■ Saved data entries
________
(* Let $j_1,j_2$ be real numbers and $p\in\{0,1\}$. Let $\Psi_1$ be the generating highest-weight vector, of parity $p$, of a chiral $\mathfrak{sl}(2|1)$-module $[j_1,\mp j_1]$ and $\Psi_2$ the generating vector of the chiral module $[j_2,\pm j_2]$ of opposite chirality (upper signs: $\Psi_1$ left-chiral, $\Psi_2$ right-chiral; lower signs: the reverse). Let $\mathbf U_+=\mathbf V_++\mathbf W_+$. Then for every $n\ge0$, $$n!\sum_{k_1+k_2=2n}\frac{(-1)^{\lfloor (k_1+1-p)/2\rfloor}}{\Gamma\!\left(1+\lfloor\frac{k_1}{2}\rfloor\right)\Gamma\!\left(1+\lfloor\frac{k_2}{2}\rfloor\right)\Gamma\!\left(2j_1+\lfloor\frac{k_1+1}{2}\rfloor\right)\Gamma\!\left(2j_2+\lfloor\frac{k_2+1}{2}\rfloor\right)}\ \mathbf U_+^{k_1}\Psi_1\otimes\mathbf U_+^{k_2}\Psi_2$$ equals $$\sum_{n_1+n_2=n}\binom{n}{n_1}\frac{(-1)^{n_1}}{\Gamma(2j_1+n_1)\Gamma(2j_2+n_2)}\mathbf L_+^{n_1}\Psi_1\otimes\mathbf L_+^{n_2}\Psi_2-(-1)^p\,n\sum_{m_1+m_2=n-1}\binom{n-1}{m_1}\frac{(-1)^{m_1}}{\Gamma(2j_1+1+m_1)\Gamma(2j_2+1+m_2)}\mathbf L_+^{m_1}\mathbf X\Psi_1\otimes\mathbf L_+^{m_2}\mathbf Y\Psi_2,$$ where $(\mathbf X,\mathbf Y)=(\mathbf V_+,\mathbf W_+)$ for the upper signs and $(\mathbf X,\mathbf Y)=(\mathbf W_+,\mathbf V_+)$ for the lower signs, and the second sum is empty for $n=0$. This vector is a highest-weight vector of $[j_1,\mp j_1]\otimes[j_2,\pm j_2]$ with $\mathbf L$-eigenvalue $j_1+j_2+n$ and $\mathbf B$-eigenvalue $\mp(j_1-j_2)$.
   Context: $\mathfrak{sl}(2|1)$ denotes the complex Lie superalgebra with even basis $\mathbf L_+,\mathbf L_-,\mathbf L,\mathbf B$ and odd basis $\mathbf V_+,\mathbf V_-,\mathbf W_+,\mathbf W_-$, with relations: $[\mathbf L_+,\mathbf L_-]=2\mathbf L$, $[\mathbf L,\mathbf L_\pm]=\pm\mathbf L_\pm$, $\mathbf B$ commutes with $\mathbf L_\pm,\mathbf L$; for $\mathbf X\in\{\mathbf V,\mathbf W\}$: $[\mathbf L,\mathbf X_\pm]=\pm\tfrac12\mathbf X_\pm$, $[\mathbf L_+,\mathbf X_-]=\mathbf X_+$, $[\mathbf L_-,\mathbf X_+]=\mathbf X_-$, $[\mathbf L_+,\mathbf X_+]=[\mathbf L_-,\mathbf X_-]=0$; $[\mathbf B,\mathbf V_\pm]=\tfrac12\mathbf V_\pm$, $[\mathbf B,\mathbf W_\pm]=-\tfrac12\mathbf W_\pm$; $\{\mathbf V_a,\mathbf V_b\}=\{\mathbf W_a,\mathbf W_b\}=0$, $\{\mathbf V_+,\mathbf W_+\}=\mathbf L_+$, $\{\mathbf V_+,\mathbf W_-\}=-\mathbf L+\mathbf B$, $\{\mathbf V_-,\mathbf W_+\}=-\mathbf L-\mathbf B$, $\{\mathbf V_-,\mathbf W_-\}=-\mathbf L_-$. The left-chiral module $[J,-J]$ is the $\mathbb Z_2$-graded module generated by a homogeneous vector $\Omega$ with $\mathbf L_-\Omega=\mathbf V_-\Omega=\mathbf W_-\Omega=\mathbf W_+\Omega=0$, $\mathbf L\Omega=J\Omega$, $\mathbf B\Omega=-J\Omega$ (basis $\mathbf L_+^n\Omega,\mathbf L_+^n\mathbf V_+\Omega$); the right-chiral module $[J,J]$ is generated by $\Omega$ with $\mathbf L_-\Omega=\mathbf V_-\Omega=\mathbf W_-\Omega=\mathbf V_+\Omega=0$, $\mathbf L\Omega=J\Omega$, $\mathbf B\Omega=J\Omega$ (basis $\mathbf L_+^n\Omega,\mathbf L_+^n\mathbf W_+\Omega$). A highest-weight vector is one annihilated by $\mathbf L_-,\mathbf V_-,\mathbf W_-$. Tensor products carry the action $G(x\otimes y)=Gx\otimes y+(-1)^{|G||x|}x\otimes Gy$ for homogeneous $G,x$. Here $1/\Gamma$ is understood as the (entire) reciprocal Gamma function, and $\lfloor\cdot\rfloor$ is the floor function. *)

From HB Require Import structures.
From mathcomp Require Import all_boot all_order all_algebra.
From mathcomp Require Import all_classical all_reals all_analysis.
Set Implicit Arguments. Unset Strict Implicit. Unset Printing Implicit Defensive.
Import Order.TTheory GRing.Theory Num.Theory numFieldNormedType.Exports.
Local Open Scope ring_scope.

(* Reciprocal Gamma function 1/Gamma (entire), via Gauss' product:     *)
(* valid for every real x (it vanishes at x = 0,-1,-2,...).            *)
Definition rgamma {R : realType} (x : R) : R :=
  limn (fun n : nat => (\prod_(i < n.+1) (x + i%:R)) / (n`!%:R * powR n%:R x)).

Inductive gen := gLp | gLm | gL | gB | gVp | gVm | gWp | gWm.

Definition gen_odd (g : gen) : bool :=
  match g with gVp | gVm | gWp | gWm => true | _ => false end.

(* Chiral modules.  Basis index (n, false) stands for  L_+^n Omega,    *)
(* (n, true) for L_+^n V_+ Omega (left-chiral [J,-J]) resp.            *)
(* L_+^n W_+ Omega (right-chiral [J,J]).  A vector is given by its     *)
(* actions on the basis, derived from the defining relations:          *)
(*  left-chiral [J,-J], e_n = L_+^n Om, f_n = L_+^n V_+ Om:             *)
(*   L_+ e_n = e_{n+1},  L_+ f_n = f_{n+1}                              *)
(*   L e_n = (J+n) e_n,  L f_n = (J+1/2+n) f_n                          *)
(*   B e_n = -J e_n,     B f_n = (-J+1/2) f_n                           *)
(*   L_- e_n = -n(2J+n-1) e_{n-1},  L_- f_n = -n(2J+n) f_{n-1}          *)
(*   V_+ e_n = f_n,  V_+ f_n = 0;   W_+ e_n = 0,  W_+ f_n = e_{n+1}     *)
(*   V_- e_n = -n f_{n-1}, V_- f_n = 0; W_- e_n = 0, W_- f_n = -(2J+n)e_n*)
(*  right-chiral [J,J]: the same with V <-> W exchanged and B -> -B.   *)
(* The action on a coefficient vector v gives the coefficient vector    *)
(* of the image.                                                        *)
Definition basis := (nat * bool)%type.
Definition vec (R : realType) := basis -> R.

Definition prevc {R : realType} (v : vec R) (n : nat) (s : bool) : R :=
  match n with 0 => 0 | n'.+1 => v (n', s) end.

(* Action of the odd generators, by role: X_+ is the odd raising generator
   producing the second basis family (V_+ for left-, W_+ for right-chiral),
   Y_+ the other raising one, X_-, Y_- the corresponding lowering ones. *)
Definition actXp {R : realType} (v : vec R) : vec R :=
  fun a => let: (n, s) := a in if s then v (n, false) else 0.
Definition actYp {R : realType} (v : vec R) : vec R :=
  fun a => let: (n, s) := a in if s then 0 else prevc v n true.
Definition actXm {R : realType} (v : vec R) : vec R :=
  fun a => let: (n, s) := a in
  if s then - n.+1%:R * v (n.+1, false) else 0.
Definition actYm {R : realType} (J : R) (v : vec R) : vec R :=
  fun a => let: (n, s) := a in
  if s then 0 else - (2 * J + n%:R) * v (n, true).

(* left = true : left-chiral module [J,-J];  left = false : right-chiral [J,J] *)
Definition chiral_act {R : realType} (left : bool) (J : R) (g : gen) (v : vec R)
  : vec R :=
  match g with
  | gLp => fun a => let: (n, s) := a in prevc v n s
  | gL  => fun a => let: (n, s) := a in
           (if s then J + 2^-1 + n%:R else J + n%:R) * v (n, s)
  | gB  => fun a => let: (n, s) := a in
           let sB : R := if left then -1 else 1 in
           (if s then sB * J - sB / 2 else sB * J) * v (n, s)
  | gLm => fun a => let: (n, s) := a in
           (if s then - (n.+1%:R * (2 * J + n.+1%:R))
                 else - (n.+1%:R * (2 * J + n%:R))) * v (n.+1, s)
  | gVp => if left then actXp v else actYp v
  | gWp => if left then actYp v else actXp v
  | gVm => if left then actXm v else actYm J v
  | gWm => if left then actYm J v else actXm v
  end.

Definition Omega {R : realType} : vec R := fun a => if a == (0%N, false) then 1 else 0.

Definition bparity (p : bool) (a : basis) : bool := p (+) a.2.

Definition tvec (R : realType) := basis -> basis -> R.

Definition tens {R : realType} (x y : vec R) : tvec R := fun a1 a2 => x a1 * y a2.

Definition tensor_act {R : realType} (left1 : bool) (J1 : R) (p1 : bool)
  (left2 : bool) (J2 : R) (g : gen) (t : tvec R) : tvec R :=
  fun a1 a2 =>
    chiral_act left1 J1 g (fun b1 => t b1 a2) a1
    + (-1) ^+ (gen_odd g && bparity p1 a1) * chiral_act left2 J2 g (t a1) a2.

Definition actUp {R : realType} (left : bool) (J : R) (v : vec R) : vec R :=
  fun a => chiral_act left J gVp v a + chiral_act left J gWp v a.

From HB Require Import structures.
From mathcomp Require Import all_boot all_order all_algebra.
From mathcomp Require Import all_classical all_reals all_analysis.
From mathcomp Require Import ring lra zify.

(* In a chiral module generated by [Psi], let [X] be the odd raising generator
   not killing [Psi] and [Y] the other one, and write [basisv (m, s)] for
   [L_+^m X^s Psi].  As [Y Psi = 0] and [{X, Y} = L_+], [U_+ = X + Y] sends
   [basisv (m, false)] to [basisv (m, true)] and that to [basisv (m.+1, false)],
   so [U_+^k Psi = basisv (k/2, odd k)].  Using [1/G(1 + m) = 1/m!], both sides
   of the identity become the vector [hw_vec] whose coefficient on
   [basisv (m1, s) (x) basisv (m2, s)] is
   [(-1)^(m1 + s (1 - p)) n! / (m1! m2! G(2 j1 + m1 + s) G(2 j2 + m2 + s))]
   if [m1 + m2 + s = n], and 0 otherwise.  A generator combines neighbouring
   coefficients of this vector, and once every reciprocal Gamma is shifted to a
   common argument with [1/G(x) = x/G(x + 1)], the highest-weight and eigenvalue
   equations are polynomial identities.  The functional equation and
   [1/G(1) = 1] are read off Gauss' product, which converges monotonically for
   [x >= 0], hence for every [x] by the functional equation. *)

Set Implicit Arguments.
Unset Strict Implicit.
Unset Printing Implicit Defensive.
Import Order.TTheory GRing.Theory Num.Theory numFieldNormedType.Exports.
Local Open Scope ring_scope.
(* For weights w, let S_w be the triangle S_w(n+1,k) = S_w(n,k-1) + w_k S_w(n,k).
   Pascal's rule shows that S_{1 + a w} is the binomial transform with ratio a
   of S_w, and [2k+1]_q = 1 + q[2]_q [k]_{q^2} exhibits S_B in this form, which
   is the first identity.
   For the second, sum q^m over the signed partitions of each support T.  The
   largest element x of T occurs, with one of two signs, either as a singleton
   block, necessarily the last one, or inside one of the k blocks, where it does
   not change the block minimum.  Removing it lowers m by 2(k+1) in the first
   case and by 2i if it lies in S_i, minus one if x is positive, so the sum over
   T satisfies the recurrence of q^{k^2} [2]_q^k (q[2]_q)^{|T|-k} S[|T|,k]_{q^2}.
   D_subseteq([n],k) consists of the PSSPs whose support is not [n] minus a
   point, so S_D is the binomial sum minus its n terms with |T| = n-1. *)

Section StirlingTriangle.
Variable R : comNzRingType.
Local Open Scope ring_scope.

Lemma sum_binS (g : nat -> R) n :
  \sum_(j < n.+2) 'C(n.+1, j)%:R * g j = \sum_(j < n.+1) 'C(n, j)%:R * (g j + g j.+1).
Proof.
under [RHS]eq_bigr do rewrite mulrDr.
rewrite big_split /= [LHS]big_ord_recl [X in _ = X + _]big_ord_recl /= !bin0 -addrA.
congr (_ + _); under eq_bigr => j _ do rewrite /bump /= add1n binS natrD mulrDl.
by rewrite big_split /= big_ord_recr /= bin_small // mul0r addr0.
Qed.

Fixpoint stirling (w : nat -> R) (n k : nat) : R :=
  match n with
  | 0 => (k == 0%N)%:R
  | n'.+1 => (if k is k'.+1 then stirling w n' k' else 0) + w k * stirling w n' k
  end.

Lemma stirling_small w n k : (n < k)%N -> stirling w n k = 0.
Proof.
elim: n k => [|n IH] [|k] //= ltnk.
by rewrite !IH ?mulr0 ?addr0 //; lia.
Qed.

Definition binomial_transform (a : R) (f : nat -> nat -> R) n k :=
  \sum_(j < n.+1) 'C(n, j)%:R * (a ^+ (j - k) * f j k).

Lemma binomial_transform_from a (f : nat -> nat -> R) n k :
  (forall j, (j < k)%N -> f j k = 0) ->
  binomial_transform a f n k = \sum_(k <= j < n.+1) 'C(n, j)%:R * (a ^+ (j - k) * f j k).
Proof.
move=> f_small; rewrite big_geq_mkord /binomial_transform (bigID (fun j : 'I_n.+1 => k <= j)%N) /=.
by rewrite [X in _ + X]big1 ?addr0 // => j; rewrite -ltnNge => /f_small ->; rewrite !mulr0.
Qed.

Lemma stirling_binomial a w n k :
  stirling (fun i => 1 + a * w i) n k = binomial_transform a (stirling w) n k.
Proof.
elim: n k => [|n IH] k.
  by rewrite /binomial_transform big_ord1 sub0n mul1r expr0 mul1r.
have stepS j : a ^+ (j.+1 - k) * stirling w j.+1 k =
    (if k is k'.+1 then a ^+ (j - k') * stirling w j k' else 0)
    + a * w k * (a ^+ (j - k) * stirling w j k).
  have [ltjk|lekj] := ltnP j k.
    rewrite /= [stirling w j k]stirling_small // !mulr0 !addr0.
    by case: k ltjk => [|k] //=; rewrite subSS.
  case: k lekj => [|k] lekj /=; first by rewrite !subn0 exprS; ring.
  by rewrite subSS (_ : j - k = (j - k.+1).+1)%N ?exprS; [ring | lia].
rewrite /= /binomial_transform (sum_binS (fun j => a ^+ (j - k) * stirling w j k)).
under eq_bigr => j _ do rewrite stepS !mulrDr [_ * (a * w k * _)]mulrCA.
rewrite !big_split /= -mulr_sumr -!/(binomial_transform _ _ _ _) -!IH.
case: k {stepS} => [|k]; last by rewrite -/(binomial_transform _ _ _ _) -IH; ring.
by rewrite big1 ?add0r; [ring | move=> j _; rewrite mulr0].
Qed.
________
■ Prompt
Please transcribe exactly the line containing "have stepS j" and every line after it to the end of the data, and no other lines.

■ The completed task
have stepS j : a ^+ (j.+1 - k) * stirling w j.+1 k =
    (if k is k'.+1 then a ^+ (j - k') * stirling w j k' else 0)
    + a * w k * (a ^+ (j - k) * stirling w j k).
  have [ltjk|lekj] := ltnP j k.
    rewrite /= [stirling w j k]stirling_small // !mulr0 !addr0.
    by case: k ltjk => [|k] //=; rewrite subSS.
  case: k lekj => [|k] lekj /=; first by rewrite !subn0 exprS; ring.
  by rewrite subSS (_ : j - k = (j - k.+1).+1)%N ?exprS; [ring | lia].
rewrite /= /binomial_transform (sum_binS (fun j => a ^+ (j - k) * stirling w j k)).
under eq_bigr => j _ do rewrite stepS !mulrDr [_ * (a * w k * _)]mulrCA.
rewrite !big_split /= -mulr_sumr -!/(binomial_transform _ _ _ _) -!IH.
case: k {stepS} => [|k]; last by rewrite -/(binomial_transform _ _ _ _) -IH; ring.
by rewrite big1 ?add0r; [ring | move=> j _; rewrite mulr0].
Qed.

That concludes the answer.